At freaking last, the SEC finally (after two years!) passes a rule requiring corporate disclosure of CEO-to-median-worker pay. And the arguments opposing the rule are painfully desperate -- that it might accidentally spur corporate boards to pay their CEOs more (though pretty much anything does that!), that it would make workers obsessed with how their salaries relate to everyone else's (which might, ah, expose more wage discrimination), that it would cost corporations money to do all that tabulation (because monks with quill pens do that, not computers!), and that corporations would be "shamed" (we can only hope!).

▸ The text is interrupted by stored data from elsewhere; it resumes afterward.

(* Let $\Lambda$ be a rank-2 Bratteli diagram and let $x$ be an infinite path in $\Lambda$ such that $o(x(0,ne_1))\to\infty$ as $n\to\infty$. Then $x$ is aperiodic: whenever $p,q\in\mathbb N^2$ satisfy $\sigma^p(x)=\sigma^q(x)$, we have $p=q$.
   Context: A $2$-graph is a countable category $\Lambda$ with a functor $d:\Lambda\to\mathbb N^2$ satisfying unique factorisation (if $d(\lambda)=m+n$ there are unique $\mu,\nu$ with $d(\mu)=m,d(\nu)=n,\lambda=\mu\nu$). Vertices = degree-$0$ paths; $r,s$ range/source; $\Lambda^n=d^{-1}(n)$; $e_1=(1,0),e_2=(0,1)$; $vE=E\cap r^{-1}(v)$, $Ev=E\cap s^{-1}(v)$. Row-finite: each $v\Lambda^n$ finite. Blue paths: degree in $\mathbb Ne_1$; red paths: degree in $\mathbb Ne_2$. $\lambda(m,n)$ is the unique path with $\lambda=\lambda'\lambda(m,n)\lambda''$, $d(\lambda')=m$, $d(\lambda(m,n))=n-m$; $\lambda(n)=\lambda(n,n)$. A cycle: $d(\lambda)\ne0$, $r(\lambda)=s(\lambda)$, $\lambda(n)\ne s(\lambda)$ for $0<n<d(\lambda)$; isolated: no $n\le d(\lambda)$ with $r(\lambda)\Lambda^n\setminus\{\lambda(0,n)\}\ne\emptyset$ and no $n\le d(\lambda)$ with $\Lambda^ns(\lambda)\setminus\{\lambda(d(\lambda)-n,d(\lambda))\}\ne\emptyset$. A rank-2 Bratteli diagram of depth $N\in\mathbb N\cup\{\infty\}$ is a row-finite 2-graph with $\Lambda^0=\bigsqcup_{0\le n\le N}V_n$ (all $n\in\mathbb N$ if $N=\infty$), each $V_n$ nonempty finite, such that: every blue edge $e$ has $r(e)\in V_n,s(e)\in V_{n+1}$ for some $n$; every vertex $v$ with $\Lambda^{e_1}v=\emptyset$ lies in $V_0$ and every $v$ with $v\Lambda^{e_1}=\emptyset$ lies in $V_N$ (none if $N=\infty$); every vertex lies on an isolated cycle of red edges and every red edge has range and source in the same $V_n$. For a blue path $\alpha$, let $f$ be the unique red edge with $s(f)=r(\alpha)$ and $\mathcal F(\alpha)$ the unique blue path with $f\alpha=\mathcal F(\alpha)f'$ for a red edge $f'$; $o(\alpha)=\min\{k>0:\mathcal F^k(\alpha)=\alpha\}$. $\Omega_2$ is the 2-graph with objects $\mathbb N^2$, morphisms $(m,n)$ for $m\le n$, $r(m,n)=m,s(m,n)=n,d(m,n)=n-m$. An infinite path is a degree-preserving functor $x:\Omega_2\to\Lambda$; write $x(m,n)$ for the image of $(m,n)$; for $p\in\mathbb N^2$, $\sigma^p(x)$ is the infinite path $(m,n)\mapsto x(m+p,n+p)$. *)

From Stdlib Require Import Arith List.

Definition N2 := (nat * nat)%type.
Definition n2add (m n : N2) : N2 := (fst m + fst n, snd m + snd n).
Definition n2sub (m n : N2) : N2 := (fst m - fst n, snd m - snd n).
Definition n2le (m n : N2) : Prop := fst m <= fst n /\ snd m <= snd n.
Definition n2zero : N2 := (0, 0).
Definition e1 : N2 := (1, 0).
Definition e2 : N2 := (0, 1).

(* The data of a small category Lambda with a functor d : Lambda -> N^2.
   Composition [cmp a b] is the path "a b" (a after b), meaningful when
   [src a = rng b]. *)
Record TwoGraphData := {
  Obj : Type;
  Mor : Type;
  rng : Mor -> Obj;
  src : Mor -> Obj;
  deg : Mor -> N2;
  idm : Obj -> Mor;
  cmp : Mor -> Mor -> Mor
}.

Section Defs.
Variable L : TwoGraphData.

(* Lambda is a countable category, d is a functor, unique factorisation. *)
Definition is_2graph : Prop :=
  (exists f : Mor L -> nat, forall a b, f a = f b -> a = b) /\
  (exists g : Obj L -> nat, forall u v, g u = g v -> u = v) /\
  (forall v, rng L (idm L v) = v /\ src L (idm L v) = v /\
             deg L (idm L v) = n2zero) /\
  (forall a b, src L a = rng L b ->
      rng L (cmp L a b) = rng L a /\ src L (cmp L a b) = src L b /\
      deg L (cmp L a b) = n2add (deg L a) (deg L b)) /\
  (forall a, cmp L (idm L (rng L a)) a = a /\ cmp L a (idm L (src L a)) = a) /\
  (forall a b c, src L a = rng L b -> src L b = rng L c ->
      cmp L (cmp L a b) c = cmp L a (cmp L b c)) /\
  (forall l m n, deg L l = n2add m n ->
      (exists mu nu, deg L mu = m /\ deg L nu = n /\ src L mu = rng L nu /\
                     cmp L mu nu = l) /\
      (forall mu nu mu' nu',
         deg L mu = m -> deg L nu = n -> src L mu = rng L nu -> cmp L mu nu = l ->
         deg L mu' = m -> deg L nu' = n -> src L mu' = rng L nu' -> cmp L mu' nu' = l ->
         mu = mu' /\ nu = nu')).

The Consumerist covers the International Trade Commission's 2012 ruling that a largely unknown plastic retainer-manufacturing outfit violated Invisalign's patent on the device -- not by importing not actual plastic retainers, but by importing the computer files used to make them on a 3D printer. You can see why this could be a good thing (we should prevent crooks from using the but we didn't import the actual thing ha ha snort! excuse to avoid just prosecution) and you can also see why this could be a bad thing (as one advocacy group director points out, the ruling could lead to "all telecommunications, including phone calls, audio streams and television broadcasts" becoming "articles of importation").

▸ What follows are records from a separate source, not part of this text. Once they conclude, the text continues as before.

Lemma band_ratio lo hi : hi <= d%:R * lo -> forall u v,
  band lo hi v != 0 -> band lo hi u <= d%:R * band lo hi v.
Proof.
move=> hlh u v; rewrite /band /restrict.
case: ifP => [/andP[hv _] _ | _]; last by rewrite eqxx.
case: ifP => [/andP[_ hu] | _]; last by rewrite mulr_ge0 ?ler0n ?Dplus_ge0.
by rewrite (le_trans (ltW hu)) // (le_trans hlh) // ler_wpM2l.
Qed.

Lemma below1_ratio u v : below 1 v != 0 -> below 1 u <= d%:R * below 1 v.
Proof.
rewrite /below /restrict; case: ifP => [_ wv0 | _]; last by rewrite eqxx.
have wv_ge : level 0 <= w v by rewrite /level expr0 mul1r Dplus_ge_inv.
case: ifP => [wu1 | _]; last by rewrite mulr_ge0 ?ler0n ?Dplus_ge0.
rewrite (le_trans (ltW wu1)) // levelS (@le_trans _ _ (d%:R * level 0)) //.
  by rewrite ler_wpM2r ?sqrt_nat_le // ltW // level_gt0.
by rewrite ler_wpM2l.
Qed.

(* Pairs in [E^*] newly counted at level [m.+2] have both coordinates in
   [[level m, level m.+2)]. *)
Lemma restr_form_below_step m :
  G (below m.+2) - G (below m.+1) =
  G (band (level m) (level m.+2)) - G (band (level m) (level m.+1)).
Proof.
rewrite !restr_form_restrict -!sumrB; apply: eq_bigr => u _.
rewrite -!sumrB; apply: eq_bigr => v _.
case E : (Estar d (w u) (w v)); last by rewrite !andbF subrr.
have [ltu ltv] := Estar_ratio d_gt0 E.
have lt12 x : x < level m.+1 -> x < level m.+2.
  by move=> /lt_le_trans; apply; apply: level_mono.
have lo_of x y : x < sd * y -> level m.+1 <= x -> level m <= y.
  by move=> hxy /le_lt_trans /(_ hxy); rewrite levelS ltr_pM2l // => /ltW.
have [/andP[u1 v1] | not1] := boolP ((w u < level m.+1) && (w v < level m.+1)).
  by rewrite u1 v1 (lt12 _ u1) (lt12 _ v1) /= !andbT !subrr.
have [ua va] : level m <= w u /\ level m <= w v.
  case/nandP: (not1); rewrite -leNgt => ge1.
    by rewrite (le_trans (level_mono (leqnSn m)) ge1) (lo_of _ _ ltu ge1).
  by rewrite (le_trans (level_mono (leqnSn m)) ge1) (lo_of _ _ ltv ge1).
by rewrite ua va /= !andbT (negbTE not1).
Qed.

Lemma restr_form_below_le k :
  `|G (below k.+1)| <= (sqnorm (below k.+1) + sqnorm (below k) + sqnorm (below k)) * B.
Proof.
have band_le lo hi : hi <= d%:R * lo ->
    `|G (band lo hi)| <= sqnorm (band lo hi) * B.
  move=> hlh; apply: restr_form_le_sqnorm; first exact: Dplus_restrict.
    exact: band_ratio.
  exact: le_trans (sqnorm_restrict_le _ _) w_sqnorm.
have sq_ge0 k' := sqnorm_ge0 (below k').
elim: k => [|k IH].
  have := restr_form_le_sqnorm (Dplus_restrict _ w_Dplus) below1_ratio
    (le_trans (sqnorm_restrict_le _ _) w_sqnorm).
  by move/le_trans; apply; rewrite ler_wpM2r ?bound_ge0 // -addrA lerDl addr_ge0.
have W2 := band_le (level k) (level k.+2).
rewrite levelSS lexx -levelSS in W2.
have W1 := band_le (level k) (level k.+1).
rewrite levelS ler_wpM2r ?sqrt_nat_le ?(ltW (level_gt0 k)) // -levelS in W1.
have -> : G (below k.+2) = G (below k.+1) +
    (G (band (level k) (level k.+2)) - G (band (level k) (level k.+1))).
  by rewrite -restr_form_below_step addrC subrK.
rewrite (le_trans (ler_normD _ _)) // (le_trans (lerD IH (ler_normB _ _))) //.
rewrite (le_trans (lerD (lexx _) (lerD (W2 isT) (W1 isT)))) //.
rewrite (sqnorm_band (leqnSn k)) (@sqnorm_band k k.+2) ?leqW //.
by rewrite -!mulrDl ler_wpM2r ?bound_ge0 //; lra.
Qed.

In an unorthodox and brilliant move, Sen. Bernie Sanders, the Vermont independent seeking the Democratic Presidential nomination, will accept Liberty University's invitation to speak there. Liberty University is the late Rev. Jerry Falwell's creation, you may recall, and here we will begin to test a theory I've long held is true -- that the marriage between evangelicals and right-wing corporatists is one of convenience rather than conviction. I wish Mr. Sanders luck -- but he won't need as much of it as the "liberal" media would have you think.

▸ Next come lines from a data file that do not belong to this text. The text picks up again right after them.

(* FT satisfies clone-proximity: for every finite candidate set $C$, every profile $P$ over $C$ in which $a,a'\in C$ are clones, every axis $\triangleleft\in\mathrm{FT}(P)$, every candidate $x$ with $a\triangleleft x\triangleleft a'$ or $a'\triangleleft x\triangleleft a$, and every ballot $A\in P$ with $a,a'\in A$, we have $x\in A$. For each $f\in\{\mathrm{VD},\mathrm{MF},\mathrm{BC},\mathrm{MS}\}$ clone-proximity fails: there exist $C$, a profile $P$ with clones $a,a'$, an axis $\triangleleft\in f(P)$, a candidate $x$ strictly between $a$ and $a'$ on $\triangleleft$, and a ballot $A\in P$ with $a,a'\in A$ and $x\notin A$.
   Context: Let $C$ be a finite set of candidates. An approval ballot is a nonempty subset $A\subseteq C$; a profile is a finite sequence of ballots. Two candidates $a,a'$ are clones in $P$ if for every ballot $A\in P$, $a\in A$ iff $a'\in A$. An axis is a strict linear order $\triangleleft$ on $C$; $a\trianglelefteq b$ means $a\triangleleft b$ or $a=b$. A ballot $A$ is an interval of $\triangleleft$ if for all $a,b\in A$ and every $c$ with $a\triangleleft c\triangleleft b$ we have $c\in A$. For a cost function $\mathrm{cost}_f$, the scoring rule returns $f(P)=\arg\min_{\triangleleft}\sum_{A\in P}\mathrm{cost}_f(A,\triangleleft)$ over all axes on $C$. The five rules are the scoring rules with costs: $\mathrm{cost}_{\mathrm{VD}}(A,\triangleleft)=0$ if $A$ is an interval of $\triangleleft$ and $1$ otherwise; $\mathrm{cost}_{\mathrm{MF}}(A,\triangleleft)=\min_{x,y\in A,\ x\trianglelefteq y}\big(|\{z\in A: z\triangleleft x \text{ or } y\triangleleft z\}|+|\{z\notin A: x\triangleleft z\triangleleft y\}|\big)$; $\mathrm{cost}_{\mathrm{BC}}(A,\triangleleft)=|\{b\notin A: a\triangleleft b\triangleleft c \text{ for some } a,c\in A\}|$; $\mathrm{cost}_{\mathrm{MS}}(A,\triangleleft)=\sum_{x\in C\setminus A}\min\big(|\{y\in A:y\triangleleft x\}|,\,|\{y\in A:x\triangleleft y\}|\big)$; $\mathrm{cost}_{\mathrm{FT}}(A,\triangleleft)=\sum_{x\in C\setminus A}|\{y\in A:y\triangleleft x\}|\cdot|\{y\in A:x\triangleleft y\}|$. *)

From mathcomp Require Import all_boot.
Set Implicit Arguments. Unset Strict Implicit. Unset Printing Implicit Defensive.

Section Axes.
Variable C : finType.

(* An axis is a strict linear order on C, given as a boolean relation
   [lt] with [lt a b] meaning  a ◁ b. *)
Definition is_axis (lt : rel C) : bool :=
  [&& [forall x, ~~ lt x x],
      [forall x, forall y, forall z, lt x y ==> lt y z ==> lt x z] &
      [forall x, forall y, (x != y) ==> (lt x y || lt y x)]].

Definition le_ax (lt : rel C) (a b : C) : bool := (a == b) || lt a b.

Definition is_interval (lt : rel C) (A : {set C}) : bool :=
  [forall a, forall b, forall c,
     (a \in A) ==> (b \in A) ==> lt a c ==> lt c b ==> (c \in A)].

Definition cost := {set C} -> rel C -> nat.

Definition cost_VD : cost := fun A lt => if is_interval lt A then 0 else 1.

(* minimum over pairs x ⊴ y in A; the default #|C| is never smaller than the
   true minimum for nonempty A (the pair x = y gives #|A| - 1 < #|C|). *)
Definition cost_MF : cost := fun A lt =>
  \big[minn/#|C|]_(p : C * C | [&& p.1 \in A, p.2 \in A & le_ax lt p.1 p.2])
     (#|[set z in A | lt z p.1 || lt p.2 z]|
      + #|[set z in ~: A | lt p.1 z && lt z p.2]|).

Definition cost_BC : cost := fun A lt =>
  #|[set b in ~: A | [exists a in A, exists c in A, lt a b && lt b c]]|.

Definition cost_MS : cost := fun A lt =>
  \sum_(x in ~: A) minn #|[set y in A | lt y x]| #|[set y in A | lt x y]|.

Definition cost_FT : cost := fun A lt =>
  \sum_(x in ~: A) #|[set y in A | lt y x]| * #|[set y in A | lt x y]|.

Definition total_cost (f : cost) (P : seq {set C}) (lt : rel C) : nat :=
  \sum_(A <- P) f A lt.

Definition in_rule (f : cost) (P : seq {set C}) (lt : rel C) : Prop :=
  is_axis lt /\
  forall lt' : rel C, is_axis lt' -> total_cost f P lt <= total_cost f P lt'.

Definition is_profile (P : seq {set C}) : bool := all (fun A : {set C} => A != set0) P.

Definition clones (P : seq {set C}) (a a' : C) : bool :=
  all (fun A : {set C} => (a \in A) == (a' \in A)) P.

Definition strictly_between (lt : rel C) (a a' x : C) : bool :=
  (lt a x && lt x a') || (lt a' x && lt x a).

End Axes.

From HB Require Import structures.
From mathcomp Require Import all_boot perm zify.
From Stdlib Require Import FunctionalExtensionality.
Set Implicit Arguments. Unset Strict Implicit. Unset Printing Implicit Defensive.

(* Compare the optimal axis with the two axes obtained by moving a' right after a
   and a right before a'.  For a non-member x of a ballot, the FT term L·R (members
   left and right of x) becomes (L+1)(R-1) and (L-1)(R+1) when the ballot contains
   the clones and x lies between them; otherwise the moves only exchange the terms
   of a and a'.  Hence the two new costs add up to twice the old one minus twice the
   number of such "separated" pairs, and optimality forces that number to be 0.
   For VD, MF, BC and MS, explicit profiles on five candidates are checked to be
   optimal by evaluating all 120 axes. *)

Section Axis.
Variables (C : finType) (lt : rel C).
Hypothesis ax : is_axis lt.

Lemma axis_irr x : lt x x = false.
Proof. by case/and3P: ax => /forallP/(_ x)/negbTE. Qed.

Lemma axis_trans x y z : lt x y -> lt y z -> lt x z.
Proof.
by case/and3P: ax => _ /forallP/(_ x)/forallP/(_ y)/forallP/(_ z)/implyP H _ /H/implyP.
Qed.

Lemma axis_total x y : x != y -> lt x y || lt y x.
Proof. by case/and3P: ax => _ _ /forallP/(_ x)/forallP/(_ y)/implyP. Qed.

Lemma axis_nlt x y : x != y -> ~~ lt x y = lt y x.
Proof.
move=> xy; case lxy: (lt x y); last by move: (axis_total xy); rewrite lxy.
by apply/esym/negbTE/negP => /(axis_trans lxy); rewrite axis_irr.
Qed.

End Axis.

(* [relocate lt m S] takes [m] out of the axis [lt] and reinserts it right after
   the initial segment [S] of the remaining candidates. *)
Definition relocate (C : finType) (lt : rel C) (m : C) (S : pred C) : rel C :=
  fun u v => if u == m then (v != m) && ~~ S v else if v == m then S u else lt u v.

Definition ft_term (C : finType) (lt : rel C) (B : {set C}) (x : C) : nat :=
  #|[set y in B | lt y x]| * #|[set y in B | lt x y]|.

Lemma card_sep_update (T : finType) (B : {set T}) (m : T) (p q : pred T) :
  m \in B -> (forall y, y != m -> p y = q y) ->
  #|[set y in B | p y]| + q m = #|[set y in B | q y]| + p m.
Proof.
move=> mB pq; rewrite (cardsD1 m [set y in B | p y]) (cardsD1 m [set y in B | q y]).
have -> : [set y in B | p y] :\ m = [set y in B | q y] :\ m.
  by apply/setP => y; rewrite !inE; case: eqVneq => //= /pq ->.
by rewrite !inE mB /=; lia.
Qed.

Section Relocate.
Variables (C : finType) (lt : rel C) (m : C) (S : pred C).
Hypothesis ax : is_axis lt.
Let lt_m := relocate lt m S.

Lemma relocate_axis :
  (forall u w, u != m -> w != m -> lt u w -> S w -> S u) -> is_axis lt_m.
Proof.
move=> S_down; apply/and3P; split.
- apply/forallP => x; rewrite /lt_m /relocate.
  by case: (eqVneq x m) => [->|_]; rewrite ?eqxx ?axis_irr.
- apply/forallP => x; apply/forallP => y; apply/forallP => z.
  apply/implyP => lxy; apply/implyP; move: lxy; rewrite /lt_m /relocate.
  case: (eqVneq x m) => [xm|xm]; case: (eqVneq y m) => [ym|ym];
    case: (eqVneq z m) => [zm|zm] //=; rewrite ?xm ?ym ?zm ?eqxx //=.
  + by move=> /negP.
  + by move=> Sy lyz; apply/negP => /(S_down y z ym zm lyz); apply/negP.
  + move=> Sx /negP Sz; have xz : x != z by apply/eqP => exz; apply: Sz; rewrite -exz.
    by case/orP: (axis_total ax xz) => // lzx; case: Sz; apply: S_down lzx Sx.
  + by move=> lxy /(S_down x y xm ym lxy).
  + exact: axis_trans.
- apply/forallP => x; apply/forallP => y; apply/implyP => xy; rewrite /lt_m /relocate.
  case: (eqVneq x m) => [xm|xm]; case: (eqVneq y m) => [ym|ym] //=.
  + by rewrite xm ym eqxx in xy.
  + by case: (S y).
  + by case: (S x).
  + exact: axis_total.
Qed.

Finally, Great and Awesome and Holy Real American Super-President Mitch McConnell accuses President Obama of "demoniz(ing) (his) opponents" by saying hard-line Republicans and hard-line Iranians have the same aim, i.e., to scuttle the Iran nuke deal. Don't like being told you're "with the terrorists"? Well, welcome to my world! He also said we don't need to update the Voting Rights Act because of "how different the South is now." The South is more subtle about its racism now, nothing more -- and the Voting Rights Advancement Act wouldn't target the South per se, but areas demonstrating a pattern of voting rights violations, and if those areas all happen to be in the South, tough toodles.